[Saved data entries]
┄┄┄┄┄┄┄┄┄┄

Lemma lipschitz_perturbation (y wk : nat -> X) (w : X) (s : nat -> R) (c : R) :
  locally_lipschitz_at F xbar -> bs_cv y xbar -> tends_to_0plus s -> bs_cv wk w -> 0 < c ->
  eventually (fun k => F (bs_add (y k) (bs_scal (s k) (wk k)))
                       - F (bs_add (y k) (bs_scal (s k) w)) < c * s k).
Proof.
  intros [K [d [Hd HL]]] Hy Hs Hwk Hc.
  set (K' := Rabs K + 1). assert (HK' : 0 < K') by (pose proof (Rabs_pos K); unfold K'; lra).
  pose proof (bs_cv_add_scal y wk xbar w s Hy Hs Hwk d Hd) as Hnear1.
  pose proof (bs_cv_add_scal y (fun _ => w) xbar w s Hy Hs (bs_cv_const w) d Hd) as Hnear2.
  pose proof (Hwk (c / K') ltac:(apply Rdiv_lt_0_compat; assumption)) as Hclose.
  generalize (eventually_and _ _ Hnear1 (eventually_and _ _ Hnear2 Hclose)).
  apply eventually_mono. intros k (H1 & H2 & H3).
  pose proof (proj1 Hs k) as Hpos. specialize (HL _ _ H1 H2).
  rewrite bs_subDl, bs_scal_sub, bs_norm_scal_pos in HL by exact Hpos.
  apply Rlt_div_mult in H3; [|exact HK'].
  set (nd := bs_norm (bs_sub (wk k) w)) in *.
  assert (Hnd : 0 <= nd) by apply bs_norm_nonneg.
  assert (HK : K <= K') by (pose proof (Rle_abs K); unfold K'; lra).
  assert (K * (s k * nd) <= K' * (s k * nd)) by (apply Rmult_le_compat_r; nra).
  pose proof (Rle_abs (F (bs_add (y k) (bs_scal (s k) (wk k)))
                       - F (bs_add (y k) (bs_scal (s k) w)))).
  nra.
Qed.

Lemma clarke_neg_descent (w : X) (wk : nat -> X) (s : nat -> R) :
  locally_lipschitz_at F xbar -> Rbar_lt (clarke F xbar w) (Finite 0) ->
  tends_to_0plus s -> bs_cv wk w ->
  eventually (fun k => F (bs_add xbar (bs_scal (s k) (wk k))) < F xbar).
Proof.
  intros HL Hc Hs Hwk. destruct (Rbar_lt_Finite_gap _ _ Hc) as [r [Hr Hcr]].
  generalize (eventually_and _ _
    (lipschitz_perturbation (fun _ => xbar) wk w s (- r / 2) HL (bs_cv_const xbar) Hs Hwk
       ltac:(lra))
    (clarke_lt_eventually w r (fun _ => xbar) s Hcr (bs_cv_const xbar) Hs)).
  apply eventually_mono. intros k [H1 H2]. pose proof (proj1 Hs k). nra.
Qed.

Definition second_order_path (u : X) (t : R) (w : X) : X :=
  bs_add (bs_add xbar (bs_scal t u)) (bs_scal (/ 2 * t ^ 2) w).

Lemma second_order_path_scal (u w : X) (t : R) :
  second_order_path u t w = bs_add xbar (bs_scal t (bs_add u (bs_scal (/ 2 * t) w))).
Proof.
  unfold second_order_path. rewrite bs_scal_distr_l, bs_scal_assoc, bs_add_assoc.
  replace (t * (/ 2 * t)) with (/ 2 * t ^ 2) by ring. reflexivity.
Qed.

Lemma second_order_path_cv (u v : X) (t : nat -> R) (vk : nat -> X) :
  tends_to_0plus t -> bs_cv vk v -> bs_cv (fun k => second_order_path u (t k) (vk k)) xbar.
Proof.
  intros Ht Hvk. apply (bs_cv_add_scal _ _ _ v).
  - exact (bs_cv_add_scal _ _ _ u t (bs_cv_const xbar) Ht (bs_cv_const u)).
  - exact (tends_to_0plus_half_sqr t Ht).
  - exact Hvk.
Qed.

(** The point [xbar + t u] has to be compared with [xbar] through [F°°(xbar, u)], and the
    step of size [t^2/2] from it through [F°(xbar, v)], perturbed from [v] to [v_k]. *)
Lemma clarke2_neg_descent (u v : X) (t : nat -> R) (vk : nat -> X) :
  locally_lipschitz_at F xbar -> clarke F xbar u = Finite 0 ->
  Rbar_lt (Rbar_plus (clarke F xbar v) (clarke2 F xbar u)) (Finite 0) ->
  tends_to_0plus t -> bs_cv vk v ->
  eventually (fun k => F (second_order_path u (t k) (vk k)) < F xbar).
Proof.
  intros HL Hu Hc Ht Hvk.
  destruct (Rbar_plus_lt_0_split _ _ Hc) as [a [c [Hac [Ha Hcc]]]].
  set (y := fun k => bs_add xbar (bs_scal (t k) u)).
  set (s := fun k => / 2 * t k ^ 2).
  assert (Hy : bs_cv y xbar) by exact (bs_cv_add_scal _ _ _ u t (bs_cv_const xbar) Ht
                                                      (bs_cv_const u)).
  assert (Hs : tends_to_0plus s) by exact (tends_to_0plus_half_sqr t Ht).
  generalize (eventually_and _ _
    (lipschitz_perturbation y vk v s (- (a + c) / 2) HL Hy Hs Hvk ltac:(lra))
    (eventually_and _ _ (clarke_lt_eventually v a y s Ha Hy Hs)
                        (clarke2_lt_eventually u c t Hu Hcc Ht))).
  apply eventually_mono. intros k (H1 & H2 & H3). pose proof (proj1 Hs k).
  unfold second_order_path. fold (y k) (s k) in *. nra.
Qed.

Lemma lex_lt_descent (u v : X) (t : nat -> R) (vk : nat -> X) :
  locally_lipschitz_at F xbar -> lex_lt (second_pair F xbar u v) zero2 ->
  tends_to_0plus t -> bs_cv vk v ->
  eventually (fun k => F (second_order_path u (t k) (vk k)) < F xbar).
Proof.
  intros HL [Hfirst | [Hfirst Hsecond]] Ht Hvk; simpl in Hfirst.
  - assert (Hwk : bs_cv (fun k => bs_add u (bs_scal (/ 2 * t k) (vk k))) u).
    { exact (bs_cv_add_scal _ _ _ v _ (bs_cv_const u)
               (tends_to_0plus_scal (/ 2) t ltac:(lra) Ht) Hvk). }
    generalize (clarke_neg_descent u _ t HL Hfirst Ht Hwk). apply eventually_mono.
    intros k Hk. rewrite second_order_path_scal. exact Hk.
  - exact (clarke2_neg_descent u v t vk HL Hfirst Hsecond Ht Hvk).
Qed.

End ClarkeDerivatives.

Lemma lex_lt_le (a b : Rbar * Rbar) : lex_lt a b -> lex_le a b.
Proof. intros [H | [H1 H2]]; [left | right]; auto. split; [exact H1 | left; exact H2]. Qed.

Lemma lex_le_fst (a b : Rbar * Rbar) : lex_le a b -> Rbar_le (fst a) (fst b).
Proof. intros [H | [H _]]; [left | right]; exact H. Qed.

Section VectorProblem.
Context {X : BanachSpace} (p m : nat) (f g : nat -> X -> R) (xbar : X).

Lemma local_weak_efficient_no_descent (x : nat -> X) :
  local_weak_efficient p m f g xbar -> bs_cv x xbar -> (forall k, Q0 m g (x k)) ->
  ~ (forall i, (i < p)%nat -> eventually (fun k => f i (x k) < f i xbar)).
Proof.
  intros [d [Hd Heff]] Hx HQ Hdescent.
  destruct (eventually_and _ _ (Hx d Hd) (eventually_forall_lt p _ Hdescent)) as [N HN].
  destruct (HN N (le_n N)) as [Hnear Hlt]. exact (Heff (x N) Hnear (HQ N) Hlt).
Qed.

Lemma critical_pair_of_lex_descent (u v : X) :
  (1 <= p)%nat ->
  (forall i, (i < p)%nat -> lex_lt (second_pair (f i) xbar u v) zero2) ->
  (forall j, (j < m)%nat -> active g xbar j -> lex_le (second_pair (g j) xbar u v) zero2) ->
  exists u' v', critical_dir p m f g xbar u' /\
    (forall i, (i < p)%nat -> lex_lt (second_pair (f i) xbar u' v') zero2) /\
    (forall j, (j < m)%nat -> active g xbar j -> lex_le (second_pair (g j) xbar u' v') zero2).
Proof.
  intros Hp HF HG.
  destruct (classic (exists i, (i < p)%nat /\ clarke (f i) xbar u = Finite 0)) as [Hc|Hnc].
  - exists u, v. split; [|split; assumption]. split; [|split; [exact Hc|]].
    + intros i Hi. exact (lex_le_fst _ _ (lex_lt_le _ _ (HF i Hi))).
    + intros j Hj Ha. exact (lex_le_fst _ _ (HG j Hj Ha)).
  - exists (bs_zero X), u. split; [|split].
    + split; [|split].
      * intros i _. right. apply clarke_dir0.
      * exists 0%nat. split; [lia | apply clarke_dir0].
      * intros j _ _. right. apply clarke_dir0.
    + intros i Hi. rewrite second_pair_dir0. right. split; [reflexivity|]. simpl.
      destruct (HF i Hi) as [H | [H _]]; [exact H|].
      exfalso. apply Hnc. exists i. split; assumption.
    + intros j Hj Ha. rewrite second_pair_dir0. right. split; [reflexivity|].
      exact (lex_le_fst _ _ (HG j Hj Ha)).
Qed.

End VectorProblem.

Theorem theorem4p2 (X : BanachSpace) (p m : nat) (f g : nat -> X -> R) (xbar : X) :
  (1 <= p)%nat ->
  Q0 m g xbar ->
  (forall i, (i < p)%nat -> locally_lipschitz_at (f i) xbar) ->
  (forall j, (j < m)%nat -> active g xbar j -> locally_lipschitz_at (g j) xbar) ->
  (forall j, (j < m)%nat -> ~ active g xbar j -> continuous_at_bs (g j) xbar) ->
  local_weak_efficient p m f g xbar ->
  (forall u : X, critical_dir p m f g xbar u ->
     forall v : X, L2 p m f g xbar u v -> T2 (Q0 m g) xbar u v) ->
  ~ (exists u v : X,
       (forall i, (i < p)%nat -> lex_lt (second_pair (f i) xbar u v) zero2) /\
       (forall j, (j < m)%nat -> active g xbar j -> lex_le (second_pair (g j) xbar u v) zero2)).
Proof.
  intros Hp _ Hf _ _ Heff HT [u [v [HF HG]]].
  destruct (critical_pair_of_lex_descent p m f g xbar u v Hp HF HG)
    as (u' & v' & Hcrit & HF' & HG').
  destruct (HT u' Hcrit v' (conj (fun i Hi => lex_lt_le _ _ (HF' i Hi)) HG'))
    as (t & vk & Hpos & Hcv & Hvk & HQ).
  pose proof (tends_to_0plus_of_Un_cv t Hpos Hcv) as Ht.
  apply (local_weak_efficient_no_descent p m f g xbar _ Heff
           (second_order_path_cv xbar u' v' t vk Ht Hvk) HQ).
  intros i Hi. exact (lex_lt_descent (f i) xbar u' v' t vk (Hf i Hi) (HF' i Hi) Ht Hvk).
Qed.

┄┄┄┄┄┄┄┄┄┄

Work request —
Output exactly the span of lines beginning at the first line of the records and ending at the line that holds "pose proof (bs_cv_add_scal y (fun", inclusive, with no other text.

Response to this exercise —
Lemma lipschitz_perturbation (y wk : nat -> X) (w : X) (s : nat -> R) (c : R) :
  locally_lipschitz_at F xbar -> bs_cv y xbar -> tends_to_0plus s -> bs_cv wk w -> 0 < c ->
  eventually (fun k => F (bs_add (y k) (bs_scal (s k) (wk k)))
                       - F (bs_add (y k) (bs_scal (s k) w)) < c * s k).
Proof.
  intros [K [d [Hd HL]]] Hy Hs Hwk Hc.
  set (K' := Rabs K + 1). assert (HK' : 0 < K') by (pose proof (Rabs_pos K); unfold K'; lra).
  pose proof (bs_cv_add_scal y wk xbar w s Hy Hs Hwk d Hd) as Hnear1.
  pose proof (bs_cv_add_scal y (fun _ => w) xbar w s Hy Hs (bs_cv_const w) d Hd) as Hnear2.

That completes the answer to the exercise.